Transmembrane proteins (TMPs) play vital and diverse roles in many biological processes, such as molecular transportation and immune response. Like other proteins, many major interactions with other molecules happen in TMPs’ surface area, which is important for function annotation and drug discovery. Under the condition that the structure of TMP is hard to derive from experiment and prediction, it is a practical way to predict the TMP residues’ surface area, measured by the relative accessible surface area (rASA), based on computational methods. In this study, we presented a novel deep learning-based predictor TMP-SSurface for both alpha-helical and beta-barrel transmembrane proteins (α-TMP and β-TMP), where convolutional neural network (CNN), inception blocks, and CapsuleNet were combined to construct a network framework, simply accepting one-hot code and position-specific score matrix (PSSM) of protein fragment as inputs. TMP-SSurface was tested against an independent dataset achieving appreciable performance with 0.584 Pearson correlation coefficients (CC) value. As the first TMP’s rASA predictor utilizing the deep neural network, our method provided a referenceable sample for the community, as well as a practical step to discover the interaction sites of TMPs based on their sequence.

Keywords:

transmembrane protein; surface accessibility; deep learning

1. Introduction

Transmembrane protein (TMP) is one of the most important types of membrane proteins (MPs) that span the entire biological membranes in the whole molecular life cycle as a gateway or receptor. They involve in diverse biological processes, such as cell mechanics regulation [1], signal transduction [2], molecule transport [3], etc. Special interest in TMPs also arises from the fact that they associate with many types of diseases, such as autism [4], dyslipidemia [5], epilepsy [6], and various types of cancers [7,8,9]. Since TMPs play numerous roles in basic physiology and pathophysiology, TMPs are major targets for more than one-third of known drugs on the current therapeutics market [10]. On one side of the membrane, TMPs INTERACT with ligands, including protons, metal ions, enzyme, drug-like compound, etc. On the other side, they interact with proteins, RNAs, or other molecules to trigger a series of molecular reactions and eventually control the cell functions. The interaction interface is always located on the surface areas of TMPs, according to the statistics [11]. The surface accessibility of the residues in the protein can be measured by the relative accessible surface area (rASA), which refers to the relative surface area of the residues exposed to the environment surrounding the protein [12].
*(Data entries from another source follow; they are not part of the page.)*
(* Tilt stability of the Moreau envelope for one fixed r with 8 rho r <= 1.
   On the ball B_g'(xb) with g' := min(gam, el) / 4 and for tilts |v| < d',
   the shift r v is small enough for moreau_tilt_argmin to apply. *)
Lemma moreau_tilt_stable (R : realType) (n : nat) (phi : 'rV[R]_n -> \bar R)
    (xb : 'rV[R]_n) (rho kappa el r : R) :
  (forall x, phi x != -oo%E) -> phi xb \is a fin_num ->
  (forall x, (phi x >= phi xb - (rho / 2 * enorm (x - xb) ^+ 2)%:E)%E) ->
  0 < el -> (forall x, enorm (x - xb) < el -> lsc_at phi x) ->
  0 <= rho -> 0 < kappa -> 0 < r -> 8 * rho * r <= 1 ->
  tilt_stable phi xb kappa -> tilt_stable (moreau phi r) xb (kappa + 2 * r).
Proof.
move=> phi_neq_ninfty phi_xb_fin phi_quad_minor el_gt0 phi_lsc rho_ge0 kappa_gt0
  r_gt0 rho_r_small [gam [gam_gt0 [d [d_gt0 [mt [mt_argmin [mt_lip argmin_0]]]]]]].
have norm0_lt e : 0 < e -> enorm (0 : 'rV[R]_n) < e by rewrite enorm0.
have mt0 : mt 0 = xb by apply: tilt_argmin_center (mt_argmin 0 (norm0_lt _ d_gt0)) _.
set g' := Order.min gam el / 4.
have g'_gt0 : 0 < g' by rewrite divr_gt0 // lt_min gam_gt0 el_gt0.
have g'_gam : g' <= gam / 4 by rewrite ler_pM2r // ge_min lexx.
have g'_el : g' <= el / 4 by rewrite ler_pM2r // ge_min lexx orbT.
have kr_gt0 : 0 < kappa + 9 * r by lra.
set d' := Order.min d (g' / (kappa + 9 * r)).
have d'_gt0 : 0 < d' by rewrite lt_min d_gt0 divr_gt0.
have small_tilt v : enorm v < d' -> enorm v < d /\ (kappa + 9 * r) * enorm v <= g'.
  rewrite lt_min => /andP[v_d v_g]; split => //.
  by rewrite mulrC -ler_pdivlMr // ltW.
have argmin_env v : enorm v < d' ->
    tilt_argmin (moreau phi r) xb g' v = [set mt v + r *: v]%classic.
  move=> /small_tilt [v_d v_g]; have nv_ge0 := enorm_ge0 v.
  have norm_rv : enorm (r *: v) = r * enorm v by rewrite enormZ ger0_norm // ltW.
  apply: (moreau_tilt_argmin (rho := rho) (el := el) (gam := gam)) => //.
  - by rewrite mulrC; nra.
  - exact: mt_argmin.
  - move=> x x_ball; have := enormD (x - xb) (- (r *: v)).
    by rewrite enormN norm_rv addrAC; split; nra.
  - have := mt_lip v 0 v_d (norm0_lt _ d_gt0); rewrite mt0 subr0.
    have := enormD (mt v - xb) (r *: v); rewrite norm_rv addrAC; nra.
exists g'; split => //; exists d'; split => //; exists (fun v => mt v + r *: v).
split; [exact: argmin_env | split].
- move=> v1 v2 /small_tilt [v1_d _] /small_tilt [v2_d _].
  apply: (le_trans (lipschitz_shift (ltW r_gt0) (mt_lip v1 v2 v1_d v2_d))).
  by apply: ler_wpM2r; [exact: enorm_ge0 | lra].
- by have := argmin_env 0 (norm0_lt _ d'_gt0); rewrite scaler0 addr0 mt0.
Qed.
Lemma MVT_segment_derive (g : V -> R) (a b : V) :
  (forall t, 0 <= t <= 1 -> differentiable g (a + t *: (b - a))) ->
  exists2 c, 0 <= c <= 1 & g b - g a = 'D_(b - a) g (a + c *: (b - a)).
Proof.
move=> dg; pose phi := fun s : R => g (a + s *: (b - a)).
have phiD (s : R) : 0 <= s <= 1 ->
    is_derive s 1 phi ('D_(b - a) g (a + s *: (b - a))).
  by move=> /dg/diff_derivable/is_derive_segment.
have phiC : {within `[0, 1], continuous phi}.
  by apply: derivable_within_continuous => s /[1!in_itv] /= /phiD [].
have [s /[1!in_itv] /= /andP[s0 s1]|c c01] := @MVT_segment _ phi
  (fun s : R => 'D_(b - a) g (a + s *: (b - a))) 0 1 ler01 _ phiC.
  by apply: phiD; rewrite !ltW.
rewrite /phi scale1r scale0r addr0 subrKC subr0 mulr1 => ->.
by exists c; rewrite -?in_itv.
Qed.

End segment.

Section unit_interval.
Context {R : realType}.

Lemma Rintegral01_cst (c : R) : I01 (fun=> c) = c.
Proof.
rewrite Rintegral_cst //= lebesgue_measure_itv /= lte_fin ltr01.
by rewrite oppr0 adde0 mulr1.
Qed.

Lemma Rintegral01_mem01 (h : R -> R) :
  {in `[0, 1] &, {homo h : s t / s <= t}} ->
  {in `[0, 1], forall x, 0 <= h x <= 1} -> 0 <= I01 h <= 1.
Proof.
move=> hnd h01; apply/andP; split.
  by apply: Rintegral_ge0 => x /h01 /andP[].
rewrite -[leRHS](Rintegral01_cst 1); apply: le_Rintegral => //.
- apply: (bounded_itv_integrable (B := 1)) => [|x /h01 /andP[h0 h1]].
    exact: nondecreasing_itv_measurable.
  by rewrite ger0_norm.
- by apply: (bounded_itv_integrable (B := 1)) => // x _; rewrite normr1.
- by move=> x /h01 /andP[].
Qed.

End unit_interval.

Section cube.
Context {R : realType} {d : nat}.
Implicit Types (a b x : 'rV[R]_d) (g : 'rV[R]_d -> R).

Definition coord_le a b := forall i, a 0 i <= b 0 i.

Definition monotone_path (z : R -> 'rV[R]_d) :=
  {in `[0, 1] &, forall s t, s <= t -> coord_le (z s) (z t)}.

Definition set_coord x (k : 'I_d) (c : R) : 'rV[R]_d :=
  \row_i if i == k then c else x 0 i.

Lemma coord_nondecr_path (z : R -> 'rV[R]_d) : coord_nondecr z -> monotone_path z.
Proof.
move=> zm s t /[1!in_itv] /andP[s0 _] /[1!in_itv] /andP[_ t1].
by rewrite le_eqVlt => /predU1P[->//|st] i; apply: zm.
Qed.

Lemma derive_partialE g x v : differentiable g x ->
  'D_v g x = \sum_j v 0 j * partial j g x.
Proof.
move=> dg; rewrite deriveE // {1}(row_sum_delta v) linear_sum.
by apply: eq_bigr => j _; rewrite linearZ /= /partial deriveE.
Qed.

Lemma in_cube_segment a b t : in_cube a -> in_cube b -> 0 <= t <= 1 ->
  in_cube (a + t *: (b - a)).
Proof.
move=> ha hb /andP[t0 t1] i; rewrite !mxE.
by have /andP[? ?] := ha i; have /andP[? ?] := hb i; apply/andP; split; nra.
Qed.

Lemma in_cube0 : in_cube (0 : 'rV[R]_d).
Proof. by move=> i; rewrite mxE lexx ler01. Qed.

Lemma in_cube1 : in_cube (const_mx 1 : 'rV[R]_d).
Proof. by move=> i; rewrite mxE lexx ler01. Qed.

Lemma set_coord_in_cube x k c : in_cube x -> 0 <= c <= 1 ->
  in_cube (set_coord x k c).
Proof. by move=> hx c01 i; rewrite mxE; case: ifP. Qed.

Lemma set_coord_path (z : R -> 'rV[R]_d) k c : monotone_path z ->
  monotone_path (fun mu => set_coord (z mu) k c).
Proof.
by move=> zm s t sI tI st i; rewrite !mxE; case: ifP => // _; apply: zm.
Qed.

End cube.

Section DR_submodular.
Context {R : realType} {d : nat} (f : 'rV[R]_d -> R).
Hypothesis f_DR : DR_submodular f.
Implicit Types (a b p q x : 'rV[R]_d).

Let f_diff x : differentiable f x.
Proof. by case: f_DR => -[]. Qed.

Let partial_diff k x : differentiable (partial k f) x.
Proof. by case: f_DR => -[_ []]. Qed.

Let partial2_le0 k j x : in_cube x -> partial j (partial k f) x <= 0.
Proof. by case: f_DR => _; apply. Qed.

Lemma partial_antitone k a b : in_cube a -> in_cube b -> coord_le a b ->
  partial k f b <= partial k f a.
Proof.
move=> ha hb hab; rewrite -subr_le0.
have [c c01 ->] :=
  MVT_segment_derive (fun t _ => partial_diff k (a + t *: (b - a))).
rewrite derive_partialE //; apply: sumr_le0 => j _.
rewrite mulr_ge0_le0 //; first by rewrite !mxE subr_ge0.
exact/partial2_le0/in_cube_segment.
Qed.

Lemma DR_coord_concave k p q : in_cube p -> in_cube q ->
  (forall i, i != k -> q 0 i = p 0 i) ->
  f q <= f p + partial k f p * (q 0 k - p 0 k).
Proof.
move=> hp hq hpq; rewrite -lerBlDl.
have [c /andP[c0 c1] ->] :=
  MVT_segment_derive (fun t _ => f_diff (p + t *: (q - p))).
set pc := p + c *: (q - p).
have pc_cube : in_cube pc by apply: in_cube_segment; rewrite ?c0.
have pcE i : pc 0 i = p 0 i + c * (q 0 i - p 0 i) by rewrite /pc !mxE.
have pc_off i : i != k -> pc 0 i = p 0 i.
  by move=> ik; rewrite pcE hpq // subrr mulr0 addr0.
rewrite derive_partialE // (bigD1 k) //= big1 ?addr0 => [|i ik]; last first.
  by rewrite !mxE hpq // subrr mul0r.
rewrite !mxE mulrC; have [pq|qp] := leP (p 0 k) (q 0 k).
- have : partial k f pc <= partial k f p.
    apply: partial_antitone => // i; have [->|/pc_off -> //] := eqVneq i k.
    by rewrite pcE; nra.
  by move=> ?; nra.
- have : partial k f p <= partial k f pc.
    apply: partial_antitone => // i; have [->|/pc_off -> //] := eqVneq i k.
    by rewrite pcE; nra.
  by move=> ?; nra.
Qed.

Definition partial_bound (j : 'I_d) :=
  `|partial j f 0| + `|partial j f (const_mx 1)|.

Lemma partial_bound_ge0 j : 0 <= partial_bound j.
Proof. exact: addr_ge0. Qed.

Lemma norm_partial_le j x : in_cube x -> `|partial j f x| <= partial_bound j.
Proof.
move=> hx; have le0x : partial j f x <= partial j f 0.
  apply: partial_antitone => // [|i]; first exact: in_cube0.
  by rewrite mxE; case/andP: (hx i).
have lex1 : partial j f (const_mx 1) <= partial j f x.
  apply: partial_antitone => // [|i]; first exact: in_cube1.
  by rewrite mxE; case/andP: (hx i).
have := ler_norm (partial j f 0); have := ler_norm (- partial j f (const_mx 1)).
have := normr_ge0 (partial j f 0); have := normr_ge0 (partial j f (const_mx 1)).
by rewrite normrN /partial_bound ler_norml => *; apply/andP; split; lra.
Qed.

Lemma DR_lipschitz a b : in_cube a -> in_cube b -> coord_le a b ->
  `|f b - f a| <= \sum_j partial_bound j * (b 0 j - a 0 j).
Proof.
move=> ha hb hab.
have [c c01 ->] := MVT_segment_derive (fun t _ => f_diff (a + t *: (b - a))).
rewrite derive_partialE //; apply: le_trans (ler_norm_sum _ _ _) _.
apply: ler_sum => j _; rewrite normrM !mxE ger0_norm ?subr_ge0 // mulrC.
by apply: ler_wpM2r; [rewrite subr_ge0 | apply/norm_partial_le/in_cube_segment].
Qed.

Definition cube_bound := `|f 0| + \sum_j partial_bound j.

Lemma norm_le_cube_bound x : in_cube x -> `|f x| <= cube_bound.
Proof.
move=> hx; have le0x : coord_le 0 x by move=> i; rewrite mxE; case/andP: (hx i).
have := DR_lipschitz in_cube0 hx le0x.
have : \sum_j partial_bound j * (x 0 j - (0 : 'rV[R]_d) 0 j)
    <= \sum_j partial_bound j.
  apply: ler_sum => j _; rewrite mxE subr0; have /andP[_ ?] := hx j.
  by rewrite -[leRHS]mulr1 ler_wpM2l ?partial_bound_ge0.
have := ler_normD (f x - f 0) (f 0); rewrite subrK /cube_bound; lra.
Qed.

Section monotone_path.
Variable z : R -> 'rV[R]_d.
Hypotheses (z_cube : {in `[0, 1], forall mu, in_cube (z mu)})
  (z_mono : monotone_path z).

Lemma DR_path_measurable :
  measurable_fun (`[0, 1] : set R) (fun mu => f (z mu)).
Proof.
(* [f \o z] is the difference of the nondecreasing [V] and [V - f \o z]. *)
pose V mu := \sum_j partial_bound j * z mu 0 j.
have V_nd : {in `[0, 1] &, {homo V : s t / s <= t}}.
  move=> s t sI tI st; apply: ler_sum => j _.
  by apply: ler_wpM2l; [exact: partial_bound_ge0 | exact: z_mono].
have Vf_nd : {in `[0, 1] &, {homo (fun mu => V mu - f (z mu)) : s t / s <= t}}.
  move=> s t sI tI st.
  have := DR_lipschitz (z_cube sI) (z_cube tI) (z_mono sI tI st).
  have -> : \sum_j partial_bound j * (z t 0 j - z s 0 j) = V t - V s.
    by rewrite -sumrB; apply: eq_bigr => j _; rewrite mulrBr.
  by have := ler_norm (f (z t) - f (z s)); lra.
apply: (eq_measurable_fun (fun mu => V mu - (V mu - f (z mu)))).
  by move=> x _; rewrite subKr.
by apply: measurable_funB; apply: nondecreasing_itv_measurable.
Qed.

Lemma DR_path_integrable :
  lebesgue_measure.-integrable (`[0, 1] : set R) (EFin \o (fun mu => f (z mu))).
Proof.
apply: (bounded_itv_integrable DR_path_measurable) => mu /z_cube.
exact: norm_le_cube_bound.
Qed.

Lemma partial_path_antitone k :
  {in `[0, 1] &, {homo (fun mu => partial k f (z mu)) : s t /~ s <= t}}.
Proof.
move=> s t sI tI st.
by apply: partial_antitone; [exact: z_cube | exact: z_cube | exact: z_mono].
Qed.

End monotone_path.

Lemma DR_Rintegral_le_average_coord (z : R -> 'rV[R]_d) (k : 'I_d) :
  {in `[0, 1], forall mu, in_cube (z mu)} -> monotone_path z ->
  I01 (fun mu => f (z mu)) <=
  I01 (fun mu => f (set_coord (z mu) k (I01 (fun mu => z mu 0 k)))).
Proof.
move=> z_cube z_mono; set c := I01 (fun mu => z mu 0 k).
have zk_nd : {in `[0, 1] &, {homo (fun mu => z mu 0 k) : s t / s <= t}}.
  by move=> s t sI tI st; exact: z_mono.
have zk01 : {in `[0, 1], forall mu, 0 <= z mu 0 k <= 1} by move=> mu /z_cube.
have /andP[c0 c1] : 0 <= c <= 1 by exact: Rintegral01_mem01.
pose p mu := set_coord (z mu) k c.
have p_cube : {in `[0, 1], forall mu, in_cube (p mu)}.
  by move=> mu /z_cube zc; apply: set_coord_in_cube; rewrite ?c0.
have p_mono : monotone_path p by exact: set_coord_path.
pose D mu := partial k f (p mu); pose w mu := z mu 0 k - c.
have D_anti : {in `[0, 1] &, {homo D : s t /~ s <= t}}.
  exact: partial_path_antitone.
have w_nd : {in `[0, 1] &, {homo w : s t / s <= t}}.
  by move=> s t sI tI st; rewrite lerD2r zk_nd.
have DB : {in `[0, 1], forall mu, `|D mu| <= partial_bound k + 1}.
  by move=> mu /p_cube pc; rewrite (le_trans (norm_partial_le k pc)) ?lerDl.
have wB : {in `[0, 1], forall mu, `|w mu| <= partial_bound k + 1}.
  move=> mu /zk01 /andP[z0 z1]; have := partial_bound_ge0 k.
  by rewrite ler_norml /w => ?; apply/andP; split; lra.
have w0 : I01 w = 0.
  rewrite RintegralB ?Rintegral01_cst ?subrr //.
    apply: (bounded_itv_integrable (B := 1)).
      exact: nondecreasing_itv_measurable.
    by move=> mu /zk01 /andP[? ?]; rewrite ger0_norm.
  by apply: (bounded_itv_integrable (B := `|c|)).
have Dw_int := monotone_mul_itv_integrable D_anti w_nd DB wB.
have fp_int := DR_path_integrable p_cube p_mono.
apply: (@le_trans _ _ (I01 (fun mu => f (p mu) + D mu * w mu))).
  apply: le_Rintegral => //; first exact: DR_path_integrable.
    by apply: eq_integrable (integrableD _ fp_int Dw_int).
  move=> mu muI; have pk : p mu 0 k = c by rewrite mxE eqxx.
  rewrite /D /w -pk; apply: DR_coord_concave; [exact: p_cube | exact: z_cube |].
  by move=> i ik; rewrite mxE (negbTE ik).
rewrite RintegralD // -[leRHS]addr0 lerD2l.
exact: chebyshev_Rintegral_le0 D_anti w_nd DB wB w0.
Qed.

End DR_submodular.

Section average_prefix.
Context {R : realType} {d : nat}.
Variable y : R -> 'rV[R]_d.
Hypotheses (y_cube : {in `[0, 1], forall mu, in_cube (y mu)})
  (y_mono : monotone_path y).

Definition average_prefix (n : nat) (mu : R) : 'rV[R]_d :=
  \row_i if (i < n)%N then vec_integral01 y 0 i else y mu 0 i.

Lemma average_prefix0 : average_prefix 0 = y.
Proof. by apply/funext => mu; apply/rowP => i; rewrite mxE. Qed.

Lemma average_prefix_full : average_prefix d = fun=> vec_integral01 y.
Proof. by apply/funext => mu; apply/rowP => i; rewrite mxE ltn_ord. Qed.

Lemma average_prefixS (k : 'I_d) : average_prefix k.+1 = fun mu =>
  set_coord (average_prefix k mu) k (I01 (fun nu => average_prefix k nu 0 k)).
Proof.
apply/funext => mu; apply/rowP => i; rewrite !mxE ltnS leq_eqVlt val_eqE.
have [->|//] := eqVneq i k.
by apply: eq_Rintegral => nu _; rewrite mxE ltnn.
Qed.

Lemma vec_integral01_in_cube : in_cube (vec_integral01 y).
Proof.
move=> i; rewrite mxE; apply: Rintegral01_mem01 => [s t sI tI st|mu /y_cube //].
exact: y_mono.
Qed.

Lemma average_prefix_in_cube n :
  {in `[0, 1], forall mu, in_cube (average_prefix n mu)}.
Proof.
move=> mu /y_cube yc i; rewrite mxE; case: ifP => // _.
exact: vec_integral01_in_cube.
Qed.

Lemma average_prefix_path n : monotone_path (average_prefix n).
Proof.
by move=> s t sI tI st i; rewrite !mxE; case: ifP => // _; apply: y_mono.
Qed.

End average_prefix.

Theorem mainTheorem9 (R : realType) (d : nat) (f : 'rV[R]_d -> R)
  (y : R -> 'rV[R]_d) :
  DR_submodular f ->
  (forall mu : R, 0 <= mu <= 1 -> in_cube (y mu)) ->
  coord_nondecr y ->
  Rintegral lebesgue_measure `[0%R, 1%R] (fun mu => f (y mu))
    <= f (vec_integral01 y).
Proof.
move=> f_DR y_cube /coord_nondecr_path y_mono.
have {}y_cube : {in `[0, 1], forall mu, in_cube (y mu)}.
  by move=> mu; rewrite in_itv; apply: y_cube.
have le_prefix n : (n <= d)%N ->
    I01 (fun mu => f (y mu)) <= I01 (fun mu => f (average_prefix y n mu)).
  elim: n => [_|n IH nd]; first by rewrite average_prefix0.
  apply: le_trans (IH (ltnW nd)) _; rewrite (average_prefixS y (Ordinal nd)) /=.
  apply: DR_Rintegral_le_average_coord => //.
    exact: average_prefix_in_cube.
  exact: average_prefix_path.
apply: le_trans (le_prefix d (leqnn d)) _.
by rewrite average_prefix_full Rintegral01_cst.
Qed.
As a valuable structural property, predicting rASA based on primary sequence is a rewarding task for TMPs in structure prediction, function annotation, and drug discovery [13]. In recent years, several sequence-based methods have been developed to predict the surface accessibility of residues for TMPs. Thijs B. et al. firstly published a knowledge-based method (ProperTM) to predict and analyzed the burial state (burial or exposure) of transmembrane residues within TMPs [14]. After that, several machine learning-based methods have been developed. Depending on their functionality, these methods can be roughly grouped into two categories: burial state identifier and surface area predictor. Identifying the burial state of residues is a binary classification problem; it predicts whether residues are exposed to the surface or buried inside of the TMP, such as TMX [15], Yao et al. (2011) [16], TMexpoSVC [17]. Predicting the real value of surface area is a regression problem; these tools predict the accessible surface area (ASA) value or the relative accessible surface area (rASA) value of residues, such as ASAP [18], MPRAP [19], Yao et al. (2012) [20], TMexpoSVR [17], and MemBrain-Rasa [21,22]. A summary of these methods is listed in Table 1 in chronological order.
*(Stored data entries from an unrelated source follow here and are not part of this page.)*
Lemma posdef_diag_gt0 n (M : 'M[R]_n) i : posdef M -> 0 < M i i.
Proof.
move=> M_pd; have e_neq0 : delta_mx i 0 != 0 :> 'cV[R]_n.
  by apply/eqP => /matrixP/(_ i 0)/eqP; rewrite !mxE !eqxx oner_eq0.
by have := M_pd.2 _ e_neq0; rewrite trmx_delta -rowE -colE !mxE.
Qed.

Lemma mxtrace_posdef_mul_ge0 n (A C : 'M[R]_n) : posdef A -> posdef C -> 0 <= \tr (A *m C).
Proof.
move=> A_pd C_pd; have [L [_ EL]] := cholesky A_pd.
have LCL_pd := posdef_congr (posdef_factor_unitmx A_pd EL) C_pd.
rewrite EL -mulmxA mxtrace_mulC; apply: sumr_ge0 => i _.
exact: ltW (posdef_diag_gt0 i LCL_pd).
Qed.

Lemma powR_invn_expr (a : R) n : 0 <= a -> (0 < n)%N -> powR a n%:R^-1 ^+ n = a.
Proof.
move=> a_ge0 n_gt0; rewrite -powR_mulrn ?powR_ge0 // -powRrM mulVf ?powRr1 //.
by rewrite pnatr_eq0 -lt0n.
Qed.

Lemma normalized_posdef n (C : 'M[R]_n) s : (0 < n)%N -> 0 < s -> posdef C ->
  posdef ((s / powR (\det C) n%:R^-1) *: C) /\
  \det ((s / powR (\det C) n%:R^-1) *: C) = s ^+ n.
Proof.
move=> n_gt0 s_gt0 C_pd; have C_det := posdef_det_gt0 C_pd.
have c_gt0 : 0 < powR (\det C) n%:R^-1 by rewrite powR_gt0.
split; first by apply: posdef_scale => //; rewrite divr_gt0.
by rewrite detZ exprMn exprVn powR_invn_expr ?ltW // divfK ?gt_eqF.
Qed.
Lemma loop_body_iint_vars :
  (forall G l s G', stmt_type G l s G' -> l = true ->
     forall y, iint_vars G' y -> iint_vars G y) /\
  (forall G l ss G', seq_type G l ss G' -> l = true ->
     forall y, iint_vars G' y -> iint_vars G y).
Proof.
  apply stmt_seq_type_ind; auto.
  intros G l t x _ Hnot -> y. unfold iint_vars, upd.
  destruct (Nat.eqb_spec y x); [|auto].
  intros [= ->]. exfalso; auto.
Qed.

(* Typing forbids declaring or assigning [iint] variables inside a loop. *)
Lemma loop_body_preserves_iint :
  (forall S s S', exec S s S' -> forall G G', stmt_type G true s G' ->
     forall y, iint_vars G y -> S' y = S y) /\
  (forall S ss S', exec_seq S ss S' -> forall G G', seq_type G true ss G' ->
     forall y, iint_vars G y -> S' y = S y) /\
  (forall x s j n S S', exec_loop x s j n S S' -> forall G G',
     stmt_type (upd G x TIint) true s G' -> G x = None ->
     forall y, iint_vars G y -> S' y = S y).
Proof.
  apply exec_seq_loop_ind.
  - intros S t x G G' HT y Hy. inversion HT; subst. apply upd_neq. congruence.
  - intros S x e v _ _ G G' HT y Hy.
    inversion HT as [|? ? ? ? tx ? Hx Hnot| | |]; subst. apply upd_neq.
    intros ->. apply Hnot. unfold iint_vars in Hy. split; congruence.
  - intros S ss S' _ IH G G' HT. inversion HT; subst. eauto.
  - intros S e s1 s2 S' _ _ IH G G' HT. inversion HT; subst. eauto.
  - intros S e s1 s2 S' _ _ IH G G' HT. inversion HT; subst. eauto.
  - intros S x e s i S' _ _ IH G G' HT. inversion HT; subst. eauto.
  - auto.
  - intros S s ss S1 S2 _ IH _ IH2 G G' HT y Hy.
    inversion HT as [|? ? ? ? G1 ? Hs Hss]; subst.
    rewrite (IH2 _ _ Hss y); [eauto|]. eapply (proj1 stmt_type_extends); eauto.
  - auto.
  - intros x s j n S S1 S2 _ _ IH _ IH2 G G' HT Hx y Hy.
    assert (y <> x) by (unfold iint_vars in Hy; congruence).
    rewrite (IH2 G G' HT Hx y Hy), (IH _ _ HT y) by (unfold iint_vars; rewrite upd_neq; auto).
    apply upd_neq; auto.
Qed.

Lemma store_bounded_decl b S x t : 0 <= b ->
  store_bounded (fun _ => True) b S ->
  store_bounded (fun _ => True) b (upd S x (if is_Int t then VInt 0 else VBool false)).
Proof.
  intros Hb HS. apply (store_bounded_upd (fun _ => True)); auto.
  destruct t; cbn [is_Int val_bounded Z.abs]; trivial; apply Z.pow_nonneg; lia.
Qed.

Lemma store_bounded_assign b S x e v : 0 <= b -> eval S e = Some v ->
  store_bounded (fun _ => True) b S ->
  store_bounded (fun _ => True) (b + expr_weight e) (upd S x v).
Proof.
  intros Hb He HS. pose proof (expr_weight_nonneg e).
  apply (store_bounded_upd (fun _ => True)); auto.
  - eapply store_bounded_mono; [|exact HS]. lia.
  - destruct v as [z|]; cbn [val_bounded]; [|trivial].
    apply (eval_abs_le_pow2 S); [lia| |exact He].
    eapply store_bounded_weaken; [|exact HS]. now intros.
Qed.

Lemma loop_counter_bounded (G : tenv) S x c j :
  0 <= c -> Z.of_nat j <= c -> store_bounded (iint_vars G) c S ->
  store_bounded (iint_vars (upd G x TIint)) c (upd S x (VInt (Z.of_nat j))).
Proof.
  intros Hc Hj HS. apply (store_bounded_upd (iint_vars G)); auto.
  - intros y Hy Hyx. unfold iint_vars in *. now rewrite upd_neq in Hy.
  - cbn [val_bounded]. pose proof (Z.pow_gt_lin_r 2 c ltac:(lia) Hc). lia.
Qed.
Although considerable achievements have been made in the field of TMP surface accessibility prediction, there are still several issues that deserved to be further improved. First of all, none of the mentioned methods could predict the rASA of the whole sequence of all kinds of TMPs. On the one hand, except for MPRAP and MenBrain-Rasa, most predictors can only be applied within transmembrane regions of TMPs, which focus only on the lipid-accessible surface while ignoring the water-accessible surface. It is worth pointing out that the prediction of rASA on the full sequence is more challenging than those that only apply to transmembrane residues. On the other hand, most methods only focus on α-helical TMPs while ignoring β-barrel TMPs—including the only two full sequence predictors. Although β-barrel TMPs just account for a small proportion of TMPs, it is also essential to be studied and should not be ignored. Up to now, ASAP and Yao et al. (2012) are the only two predictors that can be applied to both α-helical and β-barrel TMPs, but it is a pity that they can only be used to predict transmembrane regions of TMPs. Thus, it is meaningful to design a more powerful full sequence predictor to predict rASA for all kinds of TMPs.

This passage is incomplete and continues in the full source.